### YOUR GOAL
From the entries below, return only the lines starting at the one that contains "h in Z^E has" and ending at the one that contains "rewrite pushfE ffunE.", exactly as they stand.

### DATA FOR ANALYSIS
(* In bidegree (1, v-1) every component carries x, so C^{1,v-1} is free on
   the edges; in bidegree (0, v-1) exactly one vertex w carries 1, so
   C^{0,v-1} is free on the vertices.  In a simple graph adding an edge to
   a state of C^{1,v-1} merges two x-components, which gives 0, while d
   sends the vertex state w to the sum of the edges at w.  Hence
   H^{1,v-1}(G) is the cokernel of the unsigned incidence map
   a |-> (a x + a y)_{xy} from Z^V to Z^E.
   Fix a breadth-first spanning tree rooted at r.  Modulo the image, every
   h in Z^E has a residual vanishing on the tree edges, and the residual of
   the image of a is (sign x + sign y) a(r) = 2 sigma a(r), where
   sign = (-1)^depth and sigma vanishes on the edges whose ends have depths
   of different parity.  If G is bipartite sigma = 0, so the residuals on
   the p_1 non-tree edges are free coordinates.  Otherwise some non-tree
   edge e0 has sigma e0 = +-1: the residual at e0 modulo 2 gives the Z_2,
   and the other p_1 - 1 coordinates, corrected by a multiple of the
   residual at e0, are free. *)

Section Pushforward.
Variables (T U : finType) (R : nmodType) (f : T -> U).
Local Open Scope ring_scope.

Definition pushf (h : T -> R) : {ffun U -> R} := [ffun u => \sum_(t | f t == u) h t].

Lemma pushf_out h u : (forall t, f t != u) -> pushf h u = 0.
Proof. by move=> notu; rewrite ffunE big_pred0 // => t; apply/negbTE. Qed.

Lemma pushf_supp h u : pushf h u != 0 -> exists t, f t = u.
Proof.
case: (pickP (fun t => f t == u)) => [t /eqP <-|none]; first by exists t.
by rewrite pushf_out ?eqxx // => t; rewrite none.
Qed.

Hypothesis f_inj : injective f.

Lemma pushfE h t : pushf h (f t) = h t.
Proof. by rewrite ffunE (big_pred1 t) // => t'; rewrite /= (inj_eq f_inj). Qed.

Lemma pushf_restrict (c : {ffun U -> R}) :
  (forall u, c u != 0 -> exists t, f t = u) -> c = pushf [ffun t => c (f t)].
Proof.
move=> supp; apply/ffunP=> u.
case: (pickP (fun t => f t == u)) => [t /eqP <-|none]; first by rewrite pushfE ffunE.
rewrite pushf_out => [|t]; last by rewrite none.
by apply/eqP; apply: contraT => /supp[t /eqP]; rewrite none.
Qed.
(* Let $(W_i',X_i',Y_i)'$, $i=1,2,\ldots$, be i.i.d. draws from a population $F_{W,X,Y}$, where $W$ is a $J\times 1$ vector of controls with support $\mathbb{W}$, $X$ is a $K\times1$ vector of policy variables, and $Y$ is a scalar outcome, with $\mathbb{E}[Y^2\mid W=w]<\infty$ and $\mathbb{E}[\|X\|^2\mid W=w]<\infty$ for all $w\in\mathbb{W}$. Let $e_0(w)=\mathbb{E}[X\mid W=w]$ and $v_0(w)=\mathbb{V}(X\mid W=w)$, and assume (overlap) that there is $\kappa>0$ with $t'v_0(w)t\geq\kappa$ for all $w\in\mathbb{W}$ and all column vectors $t$ with $\|t\|=1$. Define $b_0(w)=v_0(w)^{-1}\mathbb{C}(X,Y\mid W=w)$ and $\beta_0=\mathbb{E}[b_0(W)]$. Suppose each unit has a potential response function $Y(x)=A+x'B$, where $A$ is a scalar and $B$ a $K\times1$ vector of unit-specific random coefficients, and the observed outcome is $Y=Y(X)$. Suppose further (conditional exogeneity) that for all $w\in\mathbb{W}$ and all $k,l=1,\ldots,K$, $$\mathbb{C}(A,X_k\mid W=w)=\mathbb{C}(B,X_k\mid W=w)=\mathbb{C}(B,X_kX_l\mid W=w)=0.$$ Then $\beta_0=\mathbb{E}[B]$.
   Context: $\mathbb{C}(\cdot,\cdot\mid W=w)$ denotes conditional covariance and $\mathbb{V}(\cdot\mid W=w)$ conditional variance given $W=w$. *)

From HB Require Import structures.
From mathcomp Require Import all_boot all_order all_algebra.
From mathcomp Require Import all_classical all_reals all_analysis.
Set Implicit Arguments. Unset Strict Implicit. Unset Printing Implicit Defensive.
Import Order.TTheory GRing.Theory Num.Theory.
Local Open Scope ring_scope.

(* The population is described by the law muW of the controls W (on a
   measurable space TW) together with a regular conditional distribution
   (probability kernel) kap : w |-> law of the unit's characteristics
   omega = (A, B, X) given W = w, living on a measurable space T. *)

Section Defs.
Context {R : realType} {dW dT : measure_display}
  {TW : measurableType dW} {T : measurableType dT}.

Definition condE (kap : R.-pker TW ~> T) (w : TW) (f : T -> R) : R :=
  \int[kap w]_t f t.

Definition condCov (kap : R.-pker TW ~> T) (w : TW) (f g : T -> R) : R :=
  condE kap w (fun t => f t * g t) - condE kap w f * condE kap w g.

Definition e0 (kap : R.-pker TW ~> T) {K : nat} (X : 'I_K -> T -> R) (w : TW)
  : 'cV[R]_K := \col_k condE kap w (X k).

Definition v0 (kap : R.-pker TW ~> T) {K : nat} (X : 'I_K -> T -> R) (w : TW)
  : 'M[R]_K := \matrix_(k, l) condCov kap w (X k) (X l).

Definition Yobs {K : nat} (A : T -> R) (B X : 'I_K -> T -> R) (t : T) : R :=
  A t + \sum_(k < K) X k t * B k t.

Definition b0 (kap : R.-pker TW ~> T) {K : nat} (A : T -> R)
  (B X : 'I_K -> T -> R) (w : TW) : 'cV[R]_K :=
  invmx (v0 kap X w) *m \col_k condCov kap w (X k) (Yobs A B X).

Definition beta0 (muW : probability TW R) (kap : R.-pker TW ~> T) {K : nat}
  (A : T -> R) (B X : 'I_K -> T -> R) : 'cV[R]_K :=
  \col_k \int[muW]_w (b0 kap A B X w k 0).

(* expectation under the joint law of (W, omega): E[f] = E[ E[f | W] ] *)
Definition jointE (muW : probability TW R) (kap : R.-pker TW ~> T)
  (f : T -> R) : R := \int[muW]_w condE kap w f.

Definition EB (muW : probability TW R) (kap : R.-pker TW ~> T) {K : nat}
  (B : 'I_K -> T -> R) : 'cV[R]_K := \col_k jointE muW kap (B k).

Definition joint_integrable (muW : probability TW R) (kap : R.-pker TW ~> T)
  (f : T -> R) : Prop :=
  measurable_fun setT f /\
  (\int[muW]_w \int[kap w]_t (`|f t|%:E) < +oo)%E.

End Defs.

(** Fix w in the support of W. Writing Y = A + sum_l X_l B_l, conditional
   exogeneity makes A uncorrelated with every X_k and lets E[B_l | W = w]
   factor out of C(X_k, X_l B_l | W = w), so that
   C(X_k, Y | W = w) = sum_l v0(w)_kl E[B_l | W = w].  Overlap makes v0(w)
   invertible, hence b0(w) = E[B | W = w] for almost every w, and integrating
   over W gives beta0 = E[B]. *)

From HB Require Import structures.
From mathcomp Require Import all_boot all_order all_algebra.
From mathcomp Require Import all_classical all_reals all_analysis.
From mathcomp Require Import measurable_realfun ring.
Import Order.TTheory GRing.Theory Num.Theory.
Local Open Scope ring_scope.
Local Open Scope classical_set_scope.

Section integral_conull.
Context {R : realType} {d : measure_display} {T : measurableType d}.
Context {mu : {measure set T -> \bar R}} {S : set T}.
Hypotheses (mS : measurable S) (muSC : mu (~` S) = 0%E).
Local Open Scope ereal_scope.
Import HBNNSimple.

(* No measurability of F and G is assumed: every simple function below F
   is replaced by its restriction to S, which has the same integral. *)
Lemma ge0_le_integral_conull (F G : T -> \bar R) :
  (forall x, 0 <= F x) -> (forall x, 0 <= G x) ->
  {in S, forall x, F x <= G x} ->
  \int[mu]_x F x <= \int[mu]_x G x.
Proof.
move=> F0 G0 FG; rewrite !ge0_integralTE//.
apply: ge_ereal_sup => _ [h /= hF <-].
have -> : sintegral mu h = sintegral mu (proj_nnsfun h mS).
  rewrite -mrestrict -integral_nnsfun//.
  transitivity (\int[mu]_(x in setT) (h x)%:E).
    by rewrite integral_nnsfun// patch_setT.
  rewrite (ge0_negligible_integral (N := ~` S))//.
  - by rewrite setTD setCK.
  - exact: measurableC.
  - by apply/measurable_EFinP; exact: measurable_funPT.
  - by move=> x _; rewrite lee_fin.
apply: ereal_sup_ubound => /=; exists (proj_nnsfun h mS) => //= x.
rewrite mindicE /=; case: (boolP (x \in S)) => xS.
  by rewrite mulr1; exact: le_trans (hF x) (FG _ xS).
by rewrite mulr0.
Qed.

Lemma eq_integral_conull (f g : T -> \bar R) :
  {in S, f =1 g} -> \int[mu]_x f x = \int[mu]_x g x.
Proof.
move=> fg; rewrite integralE [RHS]integralE; congr (_ - _);
  apply/le_anti/andP; split; apply: ge0_le_integral_conull => // x Sx;
  by rewrite ?funeposE ?funenegE fg.
Qed.

End integral_conull.

Lemma eq_Rintegral_conull {R : realType} {d : measure_display}
    {T : measurableType d} (mu : {measure set T -> \bar R}) (S : set T)
    (f g : T -> R) :
  measurable S -> mu (~` S) = 0%E -> {in S, f =1 g} ->
  \int[mu]_x f x = \int[mu]_x g x.
Proof.
move=> mS muSC fg; congr fine; apply: (eq_integral_conull mS muSC) => x Sx.
by rewrite /= fg.
Qed.

Section Rintegral_sum.
Context {R : realType} {d : measure_display} {T : measurableType d}.
Context {mu : {measure set T -> \bar R}} {D : set T} {I : Type}.
Context {f : I -> T -> R}.
Hypotheses (mD : measurable D) (intf : forall i, mu.-integrable D (EFin \o f i)).

Lemma integrable_Rsum (s : seq I) :
  mu.-integrable D (EFin \o (fun x => \sum_(i <- s) f i x)).
Proof.
rewrite (_ : _ \o _ = (fun x => \sum_(i <- s) (f i x)%:E)%E).
  exact: integrable_sum (fun i _ => intf i).
by apply/funext => x /=; rewrite sumEFin.
Qed.

Lemma Rintegral_sum (s : seq I) :
  \int[mu]_(x in D) (\sum_(i <- s) f i x) =
  \sum_(i <- s) \int[mu]_(x in D) f i x.
Proof.
elim: s => [|i s IHs].
  by under eq_Rintegral do rewrite big_nil; rewrite big_nil Rintegral_cst// mul0r.
under eq_Rintegral do rewrite big_cons.
by rewrite RintegralD// ?IHs ?big_cons//; exact: integrable_Rsum.
Qed.

End Rintegral_sum.

Lemma coercive_unitmx (R : rcfType) (n : nat) (M : 'M[R]_n) (c : R) :
  0 < c -> (forall t : 'cV_n, \sum_(k < n) t k 0 ^+ 2 = 1 ->
                                c <= (t^T *m M *m t) 0 0) ->
  M \in unitmx.
Proof.
move=> c0 coerM; rewrite unitmxE unitfE; apply/negP => /det0P [v v0 vM0].
set s := \sum_(k < n) v 0 k ^+ 2.
have s_gt0 : 0 < s.
  rewrite lt0r sumr_ge0 ?andbT => [|k _]; last exact: sqr_ge0.
  apply: contra v0 => /eqP /psumr_eq0P v0k.
  apply/eqP/matrixP => i j; rewrite (ord1 i) mxE; apply/eqP.
  by rewrite -sqrf_eq0 v0k // => ? _; exact: sqr_ge0.
pose t := (Num.sqrt s)^-1 *: v^T.
have tT : t^T = (Num.sqrt s)^-1 *: v by apply/matrixP => i j; rewrite !mxE.
have : c <= (t^T *m M *m t) 0 0.
  apply: coerM; under eq_bigr do rewrite !mxE exprMn.
  by rewrite -mulr_sumr exprVn sqr_sqrtr ?ltW // mulVf ?gt_eqF.
by rewrite tT -scalemxAl vM0 scaler0 mul0mx mxE leNgt c0.
Qed.

Section conditional_covariance.
Context {R : realType} {dW dT : measure_display}
  {TW : measurableType dW} {T : measurableType dT}.
Variables (kap : R.-pker TW ~> T) (w : TW).

Local Notation integrable f := ((kap w).-integrable setT (EFin \o f)).

Lemma condCovC (f g : T -> R) : condCov kap w f g = condCov kap w g f.
Proof.
by rewrite /condCov /condE [X in _ - X]mulrC; under eq_Rintegral do rewrite mulrC.
Qed.

Lemma condCovDr (f g h : T -> R) :
  integrable g -> integrable h ->
  integrable (fun t => f t * g t) -> integrable (fun t => f t * h t) ->
  condCov kap w f (fun t => g t + h t) = condCov kap w f g + condCov kap w f h.
Proof.
move=> ig ih ifg ifh; rewrite /condCov /condE.
under eq_Rintegral do rewrite mulrDr.
rewrite !RintegralD//; ring.
Qed.

Lemma condCov_sumr (I : Type) (s : seq I) (f : T -> R) (g : I -> T -> R) :
  (forall i, integrable (g i)) -> (forall i, integrable (fun t => f t * g i t)) ->
  condCov kap w f (fun t => \sum_(i <- s) g i t) =
  \sum_(i <- s) condCov kap w f (g i).
Proof.
move=> ig ifg; rewrite /condCov /condE.
under eq_Rintegral do rewrite mulr_sumr.
by rewrite !Rintegral_sum// mulr_sumr -sumrB.
Qed.

Lemma condCov_mulr_uncorrelated (f g h : T -> R) :
  condCov kap w h (fun t => f t * g t) = 0 -> condCov kap w h g = 0 ->
  condCov kap w f (fun t => g t * h t) =
  condCov kap w f g * condE kap w h.
Proof.
rewrite /condCov => /eqP; rewrite subr_eq0 => /eqP hfg /eqP; rewrite subr_eq0.
move=> /eqP hg; rewrite /condE in hfg hg *.
under eq_Rintegral do rewrite mulrA mulrC.
under [X in _ - _ * X]eq_Rintegral do rewrite mulrC.
rewrite hfg hg; ring.
Qed.

End conditional_covariance.

Section linear_outcome.
Context {R : realType} {dW dT : measure_display}
  {TW : measurableType dW} {T : measurableType dT}.
Variables (kap : R.-pker TW ~> T) (w : TW) (K : nat).
Variables (A : T -> R) (B X : 'I_K -> T -> R).

Local Notation integrable f := ((kap w).-integrable setT (EFin \o f)).

Hypotheses (intA : integrable A)
  (intAX : forall k, integrable (fun t => A t * X k t))
  (intBX : forall l k, integrable (fun t => B l t * X k t))
  (intBXX : forall l k m, integrable (fun t => B l t * (X k t * X m t))).

Hypothesis exogeneity : forall k l m,
  condCov kap w A (X k) = 0 /\
  condCov kap w (B l) (X k) = 0 /\
  condCov kap w (B l) (fun t => X k t * X m t) = 0.

Lemma condCov_Yobs (k : 'I_K) :
  condCov kap w (X k) (Yobs A B X) =
  \sum_(l < K) condCov kap w (X k) (X l) * condE kap w (B l).
Proof.
have intXB l : integrable (fun t => X l t * B l t).
  apply: eq_integrable measurableT _ _ _ (intBX l l) => t _ /=.
  by rewrite mulrC.
have intXXB l : integrable (fun t => X k t * (X l t * B l t)).
  apply: eq_integrable measurableT _ _ _ (intBXX l k l) => t _ /=.
  by rewrite mulrC mulrA.
rewrite /Yobs condCovDr //; last first.
- apply: eq_integrable measurableT _ _ _ (integrable_Rsum measurableT intXXB _).
  by move=> t _ /=; rewrite mulr_sumr.
- apply: eq_integrable measurableT _ _ _ (intAX k) => t _ /=.
  by rewrite mulrC.
- exact: integrable_Rsum.
have [condCovAX _] := exogeneity k k k.
rewrite condCovC condCovAX add0r condCov_sumr //.
apply: eq_bigr => l _.
have [_ [condCovBX _]] := exogeneity l l l.
have [_ [_ condCovBXX]] := exogeneity k l l.
exact: condCov_mulr_uncorrelated.
Qed.

Lemma b0_eq_condE : v0 kap X w \in unitmx ->
  b0 kap A B X w = \col_l condE kap w (B l).
Proof.
move=> v0_unit; rewrite /b0.
suff -> : \col_k condCov kap w (X k) (Yobs A B X) =
          v0 kap X w *m \col_l condE kap w (B l) by rewrite mulKmx.
apply/matrixP => k j; rewrite !mxE condCov_Yobs.
by apply: eq_bigr => l _; rewrite !mxE.
Qed.

End linear_outcome.

Theorem proposition1 (R : realType) (dW dT : measure_display)
  (TW : measurableType dW) (T : measurableType dT)
  (muW : probability TW R) (kap : R.-pker TW ~> T)
  (Wsupp : set TW) (K : nat)
  (A : T -> R) (B X : 'I_K -> T -> R) (c : R) :
  (* W lies in Wsupp almost surely *)
  measurable Wsupp -> muW Wsupp = 1%E ->
  (* the unit characteristics are random variables *)
  measurable_fun setT A ->
  (forall k, measurable_fun setT (B k)) ->
  (forall k, measurable_fun setT (X k)) ->
  (* E[Y^2 | W = w] < oo and E[||X||^2 | W = w] < oo *)
  (forall w, Wsupp w ->
     (kap w).-integrable setT (fun t => ((Yobs A B X t) ^+ 2)%:E)) ->
  (forall w, Wsupp w -> forall k,
     (kap w).-integrable setT (fun t => ((X k t) ^+ 2)%:E)) ->
  (* overlap *)
  0 < c ->
  (forall w, Wsupp w -> forall t : 'cV[R]_K, \sum_(k < K) t k 0 ^+ 2 = 1 ->
     c <= (t^T *m v0 kap X w *m t) 0 0) ->
  (* the conditional covariances below are well defined (finite) *)
  (forall w, Wsupp w ->
     (kap w).-integrable setT (fun t => (A t)%:E) /\
     (forall k, (kap w).-integrable setT (fun t => (A t * X k t)%:E)) /\
     (forall l, (kap w).-integrable setT (fun t => (B l t)%:E)) /\
     (forall l k, (kap w).-integrable setT (fun t => (B l t * X k t)%:E)) /\
     (forall l k m,
        (kap w).-integrable setT (fun t => (B l t * (X k t * X m t))%:E))) ->
  (* conditional exogeneity *)
  (forall w, Wsupp w -> forall k l m,
     condCov kap w A (X k) = 0 /\
     condCov kap w (B l) (X k) = 0 /\
     condCov kap w (B l) (fun t => X k t * X m t) = 0) ->
  (* E[B] exists *)
  (forall l, joint_integrable muW kap (B l)) ->
  beta0 muW kap A B X = EB muW kap B.
Proof.
move=> mWsupp Wsupp1 _ _ _ _ _ c_gt0 overlap integrability exogeneity _.
have WsuppC0 : muW (~` Wsupp) = 0%E by rewrite probability_setC // Wsupp1 subee.
have b0E w : Wsupp w -> b0 kap A B X w = \col_l condE kap w (B l).
  move=> Ww; have [iA [iAX [_ [iBX iBXX]]]] := integrability w Ww.
  apply: b0_eq_condE iA iAX iBX iBXX (exogeneity w Ww) _.
  exact: coercive_unitmx c_gt0 (overlap w Ww).
apply/matrixP => k j; rewrite !mxE /jointE.
apply: eq_Rintegral_conull mWsupp WsuppC0 _ => w /[!inE] Ww.
by rewrite b0E // mxE.
Qed.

### EXPECTED ANSWER
   h in Z^E has a residual vanishing on the tree edges, and the residual of
   the image of a is (sign x + sign y) a(r) = 2 sigma a(r), where
   sign = (-1)^depth and sigma vanishes on the edges whose ends have depths
   of different parity.  If G is bipartite sigma = 0, so the residuals on
   the p_1 non-tree edges are free coordinates.  Otherwise some non-tree
   edge e0 has sigma e0 = +-1: the residual at e0 modulo 2 gives the Z_2,
   and the other p_1 - 1 coordinates, corrected by a multiple of the
   residual at e0, are free. *)

Section Pushforward.
Variables (T U : finType) (R : nmodType) (f : T -> U).
Local Open Scope ring_scope.

Definition pushf (h : T -> R) : {ffun U -> R} := [ffun u => \sum_(t | f t == u) h t].

Lemma pushf_out h u : (forall t, f t != u) -> pushf h u = 0.
Proof. by move=> notu; rewrite ffunE big_pred0 // => t; apply/negbTE. Qed.

Lemma pushf_supp h u : pushf h u != 0 -> exists t, f t = u.
Proof.
case: (pickP (fun t => f t == u)) => [t /eqP <-|none]; first by exists t.
by rewrite pushf_out ?eqxx // => t; rewrite none.
Qed.

Hypothesis f_inj : injective f.

Lemma pushfE h t : pushf h (f t) = h t.
Proof. by rewrite ffunE (big_pred1 t) // => t'; rewrite /= (inj_eq f_inj). Qed.

Lemma pushf_restrict (c : {ffun U -> R}) :
  (forall u, c u != 0 -> exists t, f t = u) -> c = pushf [ffun t => c (f t)].
Proof.
move=> supp; apply/ffunP=> u.
case: (pickP (fun t => f t == u)) => [t /eqP <-|none]; first by rewrite pushfE ffunE.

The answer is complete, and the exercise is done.